Immunostainings and quantification of TrkA and RET in transplants. Staining for bTUB (red) and TrkA (green) show an increased number of TrkA+ cells after DOX treatment (panel A) when compared with the control (panel B). Some TrkA is expressed in bTUB+ cells but most TrkA staining is associated with bTUB negative cells. (C): Quantification of the increase of TrkA positive cells among the bTUB+ population (p = .0034). Staining of RET (red) in DOX-treated (panel D) and DOX-untreated (panel E) transplants. In DOX-treated transplants, the majority of RET expression (panel D; red) is associated with bTUB+ (green) cells. In situ hybridization for RET mRNA shows extensive labeling in DOX-treated (panel D), and absence of labeling in DOX-untreated (panel E) transplants.

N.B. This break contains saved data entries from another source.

(* The vector space $M(\beta)/(Z_1,\dots,Z_d)M(\beta)$ is finite dimensional.
   Context: $N\cong\mathbb Z^d$ lattice, $M=\mathrm{Hom}(N,\mathbb Z)$ with basis $m_1,\dots,m_d$; $\mathcal A=\{v_1,\dots,v_n\}\subset N$ generating $N$ with a homomorphism $\mathrm h:N\to\mathbb Z$, $\mathrm h(v_j)=1$; $K=\mathbb R_{\ge0}\mathrm{Conv}(\mathcal A)$; $\Sigma$ the simplicial fan supported on $K$ from a regular triangulation of $\mathrm{Conv}(\mathcal A)$ with vertices in $\mathcal A$; $\beta\in N$. $\mathbb C[K,\Sigma]$: basis $x^w$ ($w\in K\cap N$), $x^{w_1}x^{w_2}=x^{w_1+w_2}$ if a cone of $\Sigma$ contains both, else $0$. $Z_i=\sum_{j:\mathbb R_{\ge0}v_j\in\Sigma}\langle m_i,v_j\rangle x^{v_j}$. $\mathrm{Box}(\Sigma)$: $v\in N$, $v=\sum q_jv_j$, $0\le q_j<1$, $q_j=0$ unless $v_j$ spans a ray of one fixed maximal cone; $\sigma(v)$ smallest cone containing $v$. $R$: subring generated by $x^{v_j}$, $\mathbb R_{\ge0}v_j\in\Sigma$. $M(\beta)$: $R$-submodule generated by $x^v\prod_{j:r_j<0,\ \mathbb R_{\ge0}v_j\in\Sigma,\ \mathbb R_{\ge0}v_j\not\prec\sigma(v)}x^{v_j}$ over all $v\in\mathrm{Box}(\Sigma)$, $r\in\mathbb Z^n$ with $v+\sum r_jv_j=\beta$, $r_j\ge0$ whenever $\mathbb R_{\ge0}v_j\notin\Sigma$. *)

From HB Require Import structures.
From mathcomp Require Import all_boot all_order all_algebra.
From mathcomp Require Import boolp reals complex.
Set Implicit Arguments. Unset Strict Implicit. Unset Printing Implicit Defensive.
Import Order.TTheory GRing.Theory Num.Theory.
Local Open Scope ring_scope.

(* Lattice N = Z^d as 'rV[int]_d; the dual basis m_1..m_d of M is the
   coordinate basis, so <m_i, w> = w 0 i.  A = {v_0, ..., v_(n-1)}.
   The triangulation is given by its set T of maximal simplices (index sets). *)
Section Fan.
Variables (d n : nat) (v : 'I_n -> 'rV[int]_d) (T : {set {set 'I_n}}).

Definition ratv (w : 'rV[int]_d) : 'rV[rat]_d := map_mx (fun z : int => z%:~R) w.

Definition dotQ (p x : 'rV[rat]_d) : rat := \sum_(i < d) p 0 i * x 0 i.

Definition in_coneQ (F : {set 'I_n}) (x : 'rV[rat]_d) : Prop :=
  exists c : 'I_n -> rat, (forall j, 0 <= c j) /\ (forall j, j \notin F -> c j = 0)
    /\ x = \sum_j c j *: ratv (v j).

Definition in_cone (F : {set 'I_n}) (w : 'rV[int]_d) : Prop := in_coneQ F (ratv w).

Definition in_K (w : 'rV[int]_d) : Prop := in_cone setT w.

(* cones of Sigma are the cones over faces F of maximal simplices S in T *)
Definition is_cone (F : {set 'I_n}) : bool := [exists S in T, F \subset S].

Definition is_ray (j : 'I_n) : bool := [exists S in T, j \in S].

Definition common_cone (w1 w2 : 'rV[int]_d) : Prop :=
  exists S, S \in T /\ in_cone S w1 /\ in_cone S w2.

Definition smallest_cone (F : {set 'I_n}) (w : 'rV[int]_d) : Prop :=
  is_cone F /\ in_cone F w /\
  forall G, is_cone G -> in_cone G w -> forall x, in_coneQ F x -> in_coneQ G x.

Definition ray_face (j : 'I_n) (w : 'rV[int]_d) : Prop :=
  exists F, smallest_cone F w /\ j \in F.

Definition in_box (w : 'rV[int]_d) : Prop :=
  exists S, S \in T /\ exists q : 'I_n -> rat,
    (forall j, 0 <= q j < 1) /\ (forall j, j \notin S -> q j = 0)
    /\ ratv w = \sum_j q j *: ratv (v j).

(* Hypotheses on A: a set (v injective) generating N, lying on h = 1 *)
Definition good_config : Prop :=
  injective v /\
  (forall w : 'rV[int]_d, exists r : 'I_n -> int, w = \sum_j r j *: v j) /\
  (exists hh : 'rV[int]_d, forall j, \sum_(i < d) hh 0 i * v j 0 i = 1).

Definition regular_triangulation : Prop :=
  (forall S, S \in T -> #|S| = d /\
     forall c : 'I_n -> rat, (forall j, j \notin S -> c j = 0) ->
       \sum_j c j *: ratv (v j) = 0 -> forall j, c j = 0) /\
  (* they cover Conv(A), i.e. the cones cover K *)
  (forall x, in_coneQ setT x -> exists S, S \in T /\ in_coneQ S x) /\
  (forall S S', S \in T -> S' \in T -> forall x,
     in_coneQ S x -> in_coneQ S' x -> in_coneQ (S :&: S') x) /\
  (* regularity: induced by a height function omega *)
  (exists omega : 'I_n -> rat, forall S, S \in T -> exists psi : 'rV[rat]_d,
     forall j, (j \in S -> dotQ psi (ratv (v j)) = omega j) /\
               (j \notin S -> dotQ psi (ratv (v j)) < omega j)).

BrdU-labeled cells, some of which express RET are shown in panel D (right). (F): Quantification of immunolabeled cells (D, E) showing the almost complete absence of RET positive cells in the control (p = 3.4 × 10⁻⁷). Nuclear labeling with Hoechst is shown in blue. Scale bar (E) = 50 μm. Abbreviations: bTUB, βIII-tubulin; BrdU, bromodeoxyuridine; DOX, doxycycline.

Figure 5

Immunostainings and quantification of the ATP receptor P2X3 in transplants. Staining for bTUB (red) and P2X3 (green) shows an increased number of P2X3+ cells after DOX treatment (A) when compared with the control (B). (C): Quantification of the increase of positive cells among the bTUB+ population (p = .0034; n = 6). Scale bar (B) = 50 μm. Abbreviations: bTUB, βIII-tubulin; DOX, doxycycline.

Figure 6

Increased graft size and cell survival after DOX-induced Runx1 expression. (A): Example of three-dimensional reconstructions of grafts of C57BL/6-β-actin (CAG)-eGFP:Sox10^+/rrTA boundary cap neural crest stem cells. (B): Quantification of graft size showing the relative increase in size after Runx1 overexpression (p = 5.5 × 10⁻⁴; n = 4). (C): Quantification of eGFP+ graft cell numbers showing an increased survival after 1 month in treated versus control (p = 1.4 × 10⁻⁴, n = 4). Abbreviations: DOX, doxycycline; eGFP, enhanced green fluorescent protein.